### WORK INSTRUCTION
Repeat exactly the lines from the start of the entries below through the line containing "have -> : \sum_(i : 'I_n | ~~". Omit the rest.

Excerpts from a dataset:

Lemma card_Mstar_tail M : M \in Mstar k p -> #|M :\: head| = m.
Proof.
move=> MM; have := cardsID head M.
rewrite (setIidPr (head_subset_Mstar MM)) (card_Mstar MM).
rewrite card_ord_lt ?(ltnW jstar0_lt_n) // => Mk.
by apply: (@addnI js); rewrite subnKC // ltnW // jstar0_lt_k.
Qed.

Lemma sum_tail_mem M : M \in Mstar k p ->
  \sum_(i : 'I_n | (js <= i)%N) ((i \in M)%:R : R) = m%:R.
Proof.
move=> MM; rewrite -(card_Mstar_tail MM) -sum1_card natr_sum.
rewrite big_mkcond [RHS]big_mkcond; apply: eq_bigr => i _.
by rewrite !inE -leqNgt; case: (i \in M); case: (js <= i)%N.
Qed.

Definition marginal (i : 'I_n) : R := if (i < js)%N then 1 else p i / avg.

Lemma marginal_in01 i : 0 <= marginal i <= 1.
Proof.
rewrite /marginal; case: ltnP => [_|ji]; first by rewrite ler01 lexx.
apply/andP; split; first by rewrite divr_ge0 // ltW ?avg_gt0.
by rewrite ler_pdivrMr ?avg_gt0 // mul1r p_le_avg.
Qed.

Lemma sum_marginal : \sum_i marginal i = k%:R.
Proof.
rewrite (bigID (fun i : 'I_n => (i < js)%N)) /=.
have -> : \sum_(i : 'I_n | (i < js)%N) marginal i = js%:R.
  rewrite (eq_bigr (fun=> 1)) => [|i ilt]; last by rewrite /marginal ilt.
  by rewrite (big_ord_narrow (ltnW jstar0_lt_n)) sumr_const card_ord.
have -> : \sum_(i : 'I_n | ~~ (i < js)%N) marginal i = m%:R.
  rewrite (eq_bigr (fun i => p i / avg)) => [|i ige]; last first.
    by rewrite /marginal (negbTE ige).
  rewrite -mulr_suml (eq_bigl (fun i : 'I_n => (js <= i)%N)) => [|i]; last first.
    by rewrite -leqNgt.
  by rewrite divKf // gt_eqF ?tail_gt0.
by rewrite -natrD subnKC // ltnW // jstar0_lt_k.
Qed.

Lemma lemma2_solution_exists : exists v, lemma2_solution k p v.
Proof.
have [D law] := inclusion_law_exists marginal_in01 sum_marginal.
have [D0 _ Dmarg Dk] := law.
have D_Mstar M : D M != 0 -> M \in Mstar k p.
  move=> DM; rewrite inE Dk // eqxx; apply/subsetP => i; rewrite inE => ilt.
  by apply: inclusion_law_support law _ DM; rewrite /marginal ilt.
exists (fun M => avg * D M); split => [i ige|M _]; last first.
  by rewrite mulr_ge0 // ltW ?avg_gt0.
rewrite -mulr_sumr (_ : \sum_(M in Mstar k p | i \in M) D M = marginal i).
  by rewrite /marginal ltnNge ige mulrC divfK // gt_eqF ?avg_gt0.
rewrite -Dmarg [RHS](bigID (mem (Mstar k p))) /= [X in _ = _ + X]big1 ?addr0.
  by apply: eq_bigl => M; rewrite andbC.
by move=> M /andP[_ notM]; apply/eqP; apply: contraNT notM; apply: D_Mstar.
Qed.

Definition posteriorM (M : {set 'I_n}) (i : 'I_n) : R :=
  if (js <= i)%N then (if i \in M then avg else 0) else p i.

Lemma perm_posteriorM_enum M : M \in Mstar k p ->
  perm_eq (map (posteriorM M) (enum M)) (map p (enum head) ++ nseq m avg).
Proof.
move=> MM; apply: perm_trans (perm_map _ (perm_enum_setID M head)) _.
rewrite map_cat (setIidPr (head_subset_Mstar MM)).
have -> : map (posteriorM M) (enum head) = map p (enum head).
  by apply/eq_in_map => i; rewrite mem_enum inE /posteriorM ltnNge => /negbTE ->.
have -> : map (posteriorM M) (enum (M :\: head)) = nseq m avg.
  rewrite -{1}(card_Mstar_tail MM) cardE; apply: map_const_in => i.
  by rewrite mem_enum !inE -leqNgt /posteriorM => /andP[-> ->].
exact: perm_refl.
Qed.

Lemma pivecE : pivec k p = map (posteriorM prefix) (enum prefix).
Proof.
rewrite /pivec (_ : filter _ _ = enum prefix).
  apply/eq_in_map => i; rewrite mem_enum inE /posteriorM inE ltnNge => ->.
  by case: leqP.
by rewrite enumT; apply: eq_enum => i; rewrite inE.
Qed.

Lemma prefix_in_Mstar : prefix \in Mstar k p.
Proof.
rewrite inE card_ord_lt ?eqxx ?(ltnW k_lt_n) //=.
by apply/subsetP => i; rewrite !inE => /ltn_trans; apply; apply: jstar0_lt_k.
Qed.

Lemma perm_pivec : perm_eq (pivec k p) (map p (enum head) ++ nseq m avg).
Proof. by rewrite pivecE; apply: perm_posteriorM_enum prefix_in_Mstar. Qed.

Lemma perm_posteriorM M : M \in Mstar k p ->
  perm_eq (map (posteriorM M) (enum 'I_n)) (pivec k p ++ nseq (n - k) 0).
Proof.
move=> MM; apply: perm_trans (perm_map _ (perm_enum_setC M)) _; rewrite map_cat.
apply: perm_cat.
  by rewrite (perm_trans (perm_posteriorM_enum MM)) // perm_sym perm_pivec.
have <- : #|~: M| = (n - k)%N.
  by apply/eqP; rewrite -(eqn_add2l #|M|) cardsC card_ord (card_Mstar MM) subnKC // ltnW.
rewrite cardE (map_const_in (c := 0)) ?perm_refl // => i; rewrite mem_enum inE => iM.
have : i \notin head by apply: contra iM; apply/subsetP/head_subset_Mstar.
by rewrite inE -leqNgt /posteriorM (negbTE iM) => ->.
Qed.

Lemma probvec_pivec : probvec (pivec k p).
Proof.
split=> [x|].
  rewrite (perm_mem perm_pivec) mem_cat mem_nseq.
  by case/orP=> [/mapP[i _ ->]|/andP[_ /eqP ->]]; apply: ltW; rewrite ?avg_gt0.
rewrite (perm_big _ perm_pivec) big_cat big_map big_enum /= big_nseq iter_addr_0.
rewrite (eq_bigl (fun i : 'I_n => ~~ (js <= i)%N)) => [|i]; last by rewrite inE ltnNge.
by rewrite sum_head -[avg *+ _]mulr_natr divfK ?subrK ?m_neq0.
Qed.

Lemma sum_Mout (G : {set 'I_n} -> R) :
  \sum_(y : Mout k p) G (val y) = \sum_(M in Mstar k p) G M.
Proof. by rewrite [RHS]big_sub. Qed.

Section Solution.
Variable v : {set 'I_n} -> R.
Hypothesis v_sol : lemma2_solution k p v.
Local Notation W := (lemma2_channel k p v).

Lemma sum_v_Mstar : \sum_(M in Mstar k p) v M = avg.
Proof.
apply: (mulIf m_neq0); rewrite divfK ?m_neq0 // mulr_suml.
transitivity (\sum_(M in Mstar k p) \sum_(i : 'I_n | (js <= i)%N) v M * (i \in M)%:R).
  by apply: eq_bigr => M MM; rewrite -mulr_sumr sum_tail_mem.
rewrite exchange_big /tailsum; apply: eq_bigr => i ige.
rewrite -(v_sol.1 i ige) big_mkcondr /=; apply: eq_bigr => M _.
by case: (i \in M); rewrite ?mulr1 ?mulr0.
Qed.

Lemma lemma2_channel_is_channel : is_channel W.
Proof.
have tail0 := tail_gt0; split=> [y i|i].
  have v0 := v_sol.2 _ (valP y); rewrite /lemma2_channel.
  case: ifP => _; first by case: ifP => _ //; apply: divr_ge0 => //; apply: ltW.
  by apply: divr_ge0; [apply: mulr_ge0 | apply: ltW].
case: (leqP js i) => [ige|ilt].
  transitivity (\sum_(M in Mstar k p) (if i \in M then v M / p i else 0)).
    by rewrite -sum_Mout; apply: eq_bigr => y _; rewrite /lemma2_channel ige.
  by rewrite -big_mkcondr -mulr_suml (v_sol.1 i ige) divff // gt_eqF.
transitivity (\sum_(M in Mstar k p) v M * m%:R / tail).
  by rewrite -sum_Mout; apply: eq_bigr => y _; rewrite /lemma2_channel leqNgt ilt.
by rewrite -!mulr_suml sum_v_Mstar divfK ?m_neq0 // divff // gt_eqF.
Qed.

Lemma lemma2_channel_feasible : feasible k W.
Proof.
move=> y; rewrite -[X in (_ <= X)%N](card_Mstar (valP y)).
apply/subset_leq_card/subsetP => i.
rewrite inE /lemma2_channel; case: leqP => [_|ilt]; first by case: ifP; rewrite ?ltxx.
by move=> _; apply/(subsetP (head_subset_Mstar (valP y))); rewrite inE.
Qed.

Lemma out_probE y : out_prob p W y = v (val y) / avg.
Proof.
have tail0 := tail_gt0.
rewrite /out_prob (bigID (fun i : 'I_n => (js <= i)%N)) /=.
rewrite (eq_bigr (fun i => v (val y) * (i \in val y)%:R)) => [|i ige]; last first.
  rewrite /lemma2_channel ige; case: (i \in val y); rewrite ?mulr0 // mulr1.
  by rewrite mulrC divfK // gt_eqF.
rewrite -mulr_sumr sum_tail_mem ?(valP y) //.
rewrite (eq_bigr (fun i => p i * (v (val y) * m%:R / tail))) => [|i ilt]; last first.
  by rewrite /lemma2_channel (negbTE ilt).
rewrite -mulr_suml sum_head; field.
by rewrite m_neq0 gt_eqF.
Qed.

Lemma posteriorE y : 0 < out_prob p W y ->
  posterior p W y = map (posteriorM (val y)) (enum 'I_n).
Proof.
have tail0 := tail_gt0; rewrite out_probE => out_gt0.
have vy0 : v (val y) != 0 by apply: contraTneq out_gt0 => ->; rewrite mul0r ltxx.
rewrite /posterior out_probE; apply: eq_map => i; rewrite /lemma2_channel /posteriorM.
case: leqP => _; last by field; rewrite vy0 m_neq0 gt_eqF.
case: (i \in val y); last by rewrite mulr0 mul0r.
by field; rewrite vy0 m_neq0 !gt_eqF.
Qed.

Lemma cond_entropy_lemma2_channel eta F : gen_entropy eta F ->
  cond_entropy eta F p W = entropy eta F (pivec k p).
Proof.
move=> [_ F_perm F_exp _]; rewrite /cond_entropy /entropy; congr eta.
have pi_pv := probvec_pivec.
transitivity (\sum_(y | 0 < out_prob p W y) out_prob p W y * F (pivec k p)).
  apply: eq_bigr => y out_gt0; rewrite posteriorE //; congr (_ * _).
  rewrite -(F_exp _ (n - k)%N pi_pv); symmetry.
  apply: F_perm (probvec_cat_nseq0 _ pi_pv) _.
  by rewrite perm_sym (perm_posteriorM (valP y)).
have W_ch := lemma2_channel_is_channel.
rewrite -mulr_suml sumr_restrict_pos => [|y]; last first.
  by apply: out_prob_ge0 => // i; apply: ltW.
by rewrite sum_out_prob // p_sum mul1r.
Qed.

End Solution.

End Lemma2.

Theorem lemma2 (R : realType) (n k : nat) (p : 'I_n -> R)
    (p_pos : forall i, 0 < p i)
    (p_sum : \sum_(i < n) p i = 1)
    (p_noninc : forall i j : 'I_n, (i <= j)%N -> p j <= p i)
    (k_pos : (0 < k)%N) (k_lt_n : (k < n)%N) :
  (exists v : {set 'I_n} -> R, lemma2_solution k p v) /\
  (forall v : {set 'I_n} -> R, lemma2_solution k p v ->
     [/\ is_channel (lemma2_channel k p v),
         feasible k (lemma2_channel k p v) &
         forall (eta : R -> R) (F : seq R -> R), gen_entropy eta F ->
           cond_entropy eta F p (lemma2_channel k p v) = entropy eta F (pivec k p)]).
Proof.
split=> [|v v_sol]; first by apply: lemma2_solution_exists.
split.
- by apply: lemma2_channel_is_channel.
- by apply: lemma2_channel_feasible.
- by move=> eta F; apply: cond_entropy_lemma2_channel.
Qed.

### TASK OUTPUT
Lemma card_Mstar_tail M : M \in Mstar k p -> #|M :\: head| = m.
Proof.
move=> MM; have := cardsID head M.
rewrite (setIidPr (head_subset_Mstar MM)) (card_Mstar MM).
rewrite card_ord_lt ?(ltnW jstar0_lt_n) // => Mk.
by apply: (@addnI js); rewrite subnKC // ltnW // jstar0_lt_k.
Qed.

Lemma sum_tail_mem M : M \in Mstar k p ->
  \sum_(i : 'I_n | (js <= i)%N) ((i \in M)%:R : R) = m%:R.
Proof.
move=> MM; rewrite -(card_Mstar_tail MM) -sum1_card natr_sum.
rewrite big_mkcond [RHS]big_mkcond; apply: eq_bigr => i _.
by rewrite !inE -leqNgt; case: (i \in M); case: (js <= i)%N.
Qed.

Definition marginal (i : 'I_n) : R := if (i < js)%N then 1 else p i / avg.

Lemma marginal_in01 i : 0 <= marginal i <= 1.
Proof.
rewrite /marginal; case: ltnP => [_|ji]; first by rewrite ler01 lexx.
apply/andP; split; first by rewrite divr_ge0 // ltW ?avg_gt0.
by rewrite ler_pdivrMr ?avg_gt0 // mul1r p_le_avg.
Qed.

Lemma sum_marginal : \sum_i marginal i = k%:R.
Proof.
rewrite (bigID (fun i : 'I_n => (i < js)%N)) /=.
have -> : \sum_(i : 'I_n | (i < js)%N) marginal i = js%:R.
  rewrite (eq_bigr (fun=> 1)) => [|i ilt]; last by rewrite /marginal ilt.
  by rewrite (big_ord_narrow (ltnW jstar0_lt_n)) sumr_const card_ord.
have -> : \sum_(i : 'I_n | ~~ (i < js)%N) marginal i = m%:R.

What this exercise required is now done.